(* In the big-action setting below, assume $n\ge2$. Then: (1) for every $i\in\{1,\dots,n-1\}$, the map $\ell_{i,i+1}:V\to\mathbb F_p$ is $\mathbb F_p$-linear; (2) for every $i\in\{1,\dots,n-1\}$ such that $\ell_{i,i+1}$ is not identically zero, putting $\mathcal L_{i,i+1}(X)=\prod_{y\in\ker\ell_{i,i+1}}(X-y)$, there exists $\lambda_i\in k\setminus\{0\}$ such that $\ell_{i,i+1}(y)=\lambda_i\mathcal L_{i,i+1}(y)$ for all $y\in V$, and $V$ is exactly the set of roots in $k$ of $\lambda_i^p\mathcal L_{i,i+1}^p-\lambda_i\mathcal L_{i,i+1}$.
   Context: Big-action setting. Let $k$ be an algebraically closed field of characteristic $p>0$, $C$ a connected nonsingular projective curve over $k$ of genus $g\ge 2$, and $G$ a finite $p$-subgroup of $\mathrm{Aut}_k(C)$ with $|G|/g>2p/(p-1)$ (a ''big action'' $(C,G)$). It is known that there is a point $\infty\in C$ such that $G$ equals its own first (wild) ramification group at $\infty$, that $\infty$ is the only ramification point of $C\to C/G\cong\mathbb P^1_k$, that the second lower ramification group $G_2$ of $G$ at $\infty$ is a nontrivial proper subgroup of $G$ equal to the commutator subgroup $D(G)$, and that $C/G_2\cong\mathbb P^1_k$. Assume $G_2\cong(\mathbb Z/p\mathbb Z)^n$ with $n\ge1$. Put $L=k(C)$ and write $L^{G_2}=k(X)$, where $X$ is a coordinate on $C/G_2$ with pole at the image of $\infty$; then $G/G_2$ acts on $k(X)$ by translations $X\mapsto X+y$, $y$ ranging over an $\mathbb F_p$-subspace $V\subset k$ of dimension $v$, giving an exact sequence $0\to G_2\to G\to V\to 0$, $\sigma\mapsto\sigma(X)-X$. Let $\wp(Z)=Z^p-Z$. A polynomial in $k[X]$ is called reduced if it is a $k$-linear combination of monomials $X^j$ with $p\nmid j$; every $f\in k[X]$ is congruent modulo $\wp(k[X])$ to a unique reduced polynomial. Let $A=(\wp(L)\cap k[X])/\wp(k[X])$, an $n$-dimensional $\mathbb F_p$-vector space, and for $\bar f\in A$ let $\deg\bar f=\min\{\deg(f+\wp(P)):P\in k[X]\}$. Fix an $\mathbb F_p$-basis $\bar f_1,\dots,\bar f_n$ of $A$ with $m_i:=\deg\bar f_i$ such that (a) $p\nmid m_i$, (b) $m_1\le\dots\le m_n$, (c) for all $(\lambda_1,\dots,\lambda_n)\in\mathbb F_p^n\setminus\{0\}$, $\deg(\sum_i\lambda_i\bar f_i)=\max_i\deg(\lambda_i\bar f_i)$. Let $f_i\in k[X]$ be the reduced representative of $\bar f_i$ (so $\deg f_i=m_i$); then $L=k(X,W_1,\dots,W_n)$ with $W_i^p-W_i=f_i(X)$. For every $y\in V$ and every $i$ one has $f_i(X+y)-f_i(X)\equiv\sum_{j=1}^{i-1}\ell_{j,i}(y)f_j(X)\bmod\wp(k[X])$ for uniquely determined maps $\ell_{j,i}:V\to\mathbb F_p$ (the matrix of $\bar f\mapsto\overline{f(X+y)}$ on $A$ in this basis is upper unitriangular with entries $\ell_{j,i}(y)$). *)

From HB Require Import structures.
From mathcomp Require Import all_boot all_order all_algebra.
Set Implicit Arguments. Unset Strict Implicit. Unset Printing Implicit Defensive.
Import GRing.Theory.
Local Open Scope ring_scope.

++++

» What is needed: Only one stretch of the data is wanted: the lines from the one with "From HB Require Import structures." through the last, repeated exactly.

» Response to this exercise:
From HB Require Import structures.
From mathcomp Require Import all_boot all_order all_algebra.
Set Implicit Arguments. Unset Strict Implicit. Unset Printing Implicit Defensive.
Import GRing.Theory.
Local Open Scope ring_scope.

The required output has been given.